## [Action item]
The line containing "Lemma exp_decay (w" marks the end: restate word for word every line from the first line of the entries below through that one.

## [Data shown]
(* The first exit time from the sublevel set {w < B} cannot exist: before it
   w is nonincreasing, hence still below w 0 < B at that time. *)
Lemma sublevel_forward_invariant (w dw : R -> R) B :
  (forall t, 0 <= t -> is_derive w t (dw t)) ->
  (forall t, 0 <= t -> w t < B -> dw t <= 0) ->
  w 0 < B -> forall t, 0 <= t -> w t < B.
Proof.
  intros Hd Hdec H0 t1 Ht1; destruct (Rlt_dec (w t1) B) as [|Hexit]; [assumption|exfalso].
  set (S u := 0 <= u /\ forall v, 0 <= v <= u -> w v < B).
  assert (S0 : S 0) by (split; [lra | intros v Hv; replace v with 0 by lra; exact H0]).
  assert (Sb : bound S).
  { exists t1; intros u [Hu Hv]; destruct (Rle_dec u t1) as [|Hut]; [assumption|].
    exfalso; apply Hexit, Hv; lra. }
  destruct (completeness S Sb (ex_intro _ 0 S0)) as [tau [Hub Hlub]].
  assert (Htau : 0 <= tau) by (apply Hub, S0).
  assert (before : forall v, 0 <= v < tau -> w v < B).
  { intros v Hv; destruct (Rlt_dec (w v) B) as [|Hnv]; [assumption|exfalso].
    enough (tau <= v) by lra.
    apply Hlub; intros u [Hu Hu2]; destruct (Rle_dec u v) as [|Huv]; [assumption|].
    exfalso; apply Hnv, Hu2; lra. }
  assert (at_tau : w tau < B).
  { enough (w tau <= w 0) by lra.
    apply (nonincreasing_of_derive_nonpos w dw 0 tau Htau).
    - intros t Ht; apply Hd; lra.
    - intros t Ht; apply Hdec; [lra | apply before; lra]. }
  destruct (continuity_of_is_derive w tau (dw tau) (Hd tau Htau) (B - w tau))
    as [d [Hdp Hdd]]; [lra|].
  assert (S (tau + d / 2)) as Hs.
  { split; [lra|]; intros v Hv; destruct (Rlt_dec v tau) as [|Hge]; [apply before; lra|].
    assert (Hvd : Rabs (v - tau) < d) by (rewrite Rabs_right; lra).
    specialize (Hdd v Hvd); apply Rabs_def2 in Hdd; lra. }
  specialize (Hub _ Hs); lra.
Qed.

Lemma exp_decay (w dw : R -> R) c :
  (forall t, 0 <= t -> is_derive w t (dw t)) ->
  (forall t, 0 <= t -> dw t <= - c * w t) ->
  forall t, 0 <= t -> w t * exp (c * t) <= w 0.
Proof.
  intros Hd Hdec t Ht.
  replace (w 0) with (w 0 * exp (c * 0)) by (rewrite Rmult_0_r, exp_0; ring).
  apply (nonincreasing_of_derive_nonpos (fun u => w u * exp (c * u))
           (fun u => dw u * exp (c * u) + w u * (c * exp (c * u))) 0 t Ht).
  - intros u Hu; apply (is_derive_mult w (fun u => exp (c * u))); [apply Hd; lra| |].
    + auto_derive; [exact I | ring].
    + intros; apply Rmult_comm.
  - intros u Hu; pose proof (Hdec u ltac:(lra)); pose proof (exp_pos (c * u)); nra.
Qed.

Lemma is_lim_0_of_exp_bound (s : R -> R) m c w0 : 0 < m -> 0 < c ->
  (forall t, 0 <= s t) -> (forall t, 0 <= t -> m * s t ^ 2 * exp (c * t) <= w0) ->
  is_lim s p_infty 0.
Proof.
  intros Hm Hc Hs Hb; apply is_lim_spec; intros eps; cbn.
  pose proof (cond_pos eps) as He.
  assert (Hk : 0 < m * eps ^ 2 * c).
  { apply Rmult_lt_0_compat; [apply Rmult_lt_0_compat; [exact Hm | apply pow_lt, He] | exact Hc]. }
  exists (Rmax 0 (w0 / (m * eps ^ 2 * c))); intros t Ht.
  assert (Ht0 : 0 < t) by (eapply Rle_lt_trans; [apply Rmax_l | exact Ht]).
  assert (Ht1 : w0 < t * (m * eps ^ 2 * c)).
  { apply Rlt_div_l; [exact Hk|]. eapply Rle_lt_trans; [apply Rmax_r | exact Ht]. }
  pose proof (exp_ineq1_le (c * t)); pose proof (exp_pos (c * t)).
  specialize (Hb t (Rlt_le _ _ Ht0)); pose proof (Hs t).
  rewrite Rminus_0_r, Rabs_right by lra.
  destruct (Rlt_dec (s t) eps) as [|Hge]; [assumption|exfalso].
  assert (eps ^ 2 <= s t ^ 2) by nra.
  assert (m * eps ^ 2 * (1 + c * t) <= m * s t ^ 2 * exp (c * t)).
  { apply Rmult_le_compat; [apply Rmult_le_pos; [lra | apply pow2_ge_0] | nra
                           | apply Rmult_le_compat_l; lra | assumption]. }
  nra.
Qed.

Definition trajectory (F : state -> state) (x : R -> state) : Prop :=
  forall t, 0 <= t ->
    is_derive (fun s => sV1 (x s)) t (sV1 (F (x t))) /\
    is_derive (fun s => sA1 (x s)) t (sA1 (F (x t))) /\
    is_derive (fun s => sV2 (x s)) t (sV2 (F (x t))) /\
    is_derive (fun s => sA2 (x s)) t (sA2 (F (x t))).

Definition stable (F : state -> state) (E : state) : Prop :=
  forall eps, 0 < eps -> exists delta, 0 < delta /\
    forall x, trajectory F x -> sdist (x 0) E < delta ->
      forall t, 0 <= t -> sdist (x t) E < eps.

Definition attractive (F : state -> state) (E : state) : Prop :=
  exists delta, 0 < delta /\
    forall x, trajectory F x -> sdist (x 0) E < delta ->
      is_lim (fun t => sdist (x t) E) p_infty 0.

Section LyapunovFunction.
Variables (F : state -> state) (E : state) (W dW : state -> R) (m M r c : R).
Hypotheses (m_pos : 0 < m) (M_pos : 0 < M) (r_pos : 0 < r) (c_pos : 0 < c).
Hypothesis W_lower : forall x, m * sdist x E ^ 2 <= W x.
Hypothesis W_upper : forall x, W x <= M * sdist x E ^ 2.
Hypothesis W_derive : forall x t, trajectory F x -> 0 <= t ->
  is_derive (fun s => W (x s)) t (dW (x t)).
Hypothesis W_decay : forall x, sdist x E < r -> dW x <= - c * W x.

## [Exercise answer]
(* The first exit time from the sublevel set {w < B} cannot exist: before it
   w is nonincreasing, hence still below w 0 < B at that time. *)
Lemma sublevel_forward_invariant (w dw : R -> R) B :
  (forall t, 0 <= t -> is_derive w t (dw t)) ->
  (forall t, 0 <= t -> w t < B -> dw t <= 0) ->
  w 0 < B -> forall t, 0 <= t -> w t < B.
Proof.
  intros Hd Hdec H0 t1 Ht1; destruct (Rlt_dec (w t1) B) as [|Hexit]; [assumption|exfalso].
  set (S u := 0 <= u /\ forall v, 0 <= v <= u -> w v < B).
  assert (S0 : S 0) by (split; [lra | intros v Hv; replace v with 0 by lra; exact H0]).
  assert (Sb : bound S).
  { exists t1; intros u [Hu Hv]; destruct (Rle_dec u t1) as [|Hut]; [assumption|].
    exfalso; apply Hexit, Hv; lra. }
  destruct (completeness S Sb (ex_intro _ 0 S0)) as [tau [Hub Hlub]].
  assert (Htau : 0 <= tau) by (apply Hub, S0).
  assert (before : forall v, 0 <= v < tau -> w v < B).
  { intros v Hv; destruct (Rlt_dec (w v) B) as [|Hnv]; [assumption|exfalso].
    enough (tau <= v) by lra.
    apply Hlub; intros u [Hu Hu2]; destruct (Rle_dec u v) as [|Huv]; [assumption|].
    exfalso; apply Hnv, Hu2; lra. }
  assert (at_tau : w tau < B).
  { enough (w tau <= w 0) by lra.
    apply (nonincreasing_of_derive_nonpos w dw 0 tau Htau).
    - intros t Ht; apply Hd; lra.
    - intros t Ht; apply Hdec; [lra | apply before; lra]. }
  destruct (continuity_of_is_derive w tau (dw tau) (Hd tau Htau) (B - w tau))
    as [d [Hdp Hdd]]; [lra|].
  assert (S (tau + d / 2)) as Hs.
  { split; [lra|]; intros v Hv; destruct (Rlt_dec v tau) as [|Hge]; [apply before; lra|].
    assert (Hvd : Rabs (v - tau) < d) by (rewrite Rabs_right; lra).
    specialize (Hdd v Hvd); apply Rabs_def2 in Hdd; lra. }
  specialize (Hub _ Hs); lra.
Qed.

Lemma exp_decay (w dw : R -> R) c :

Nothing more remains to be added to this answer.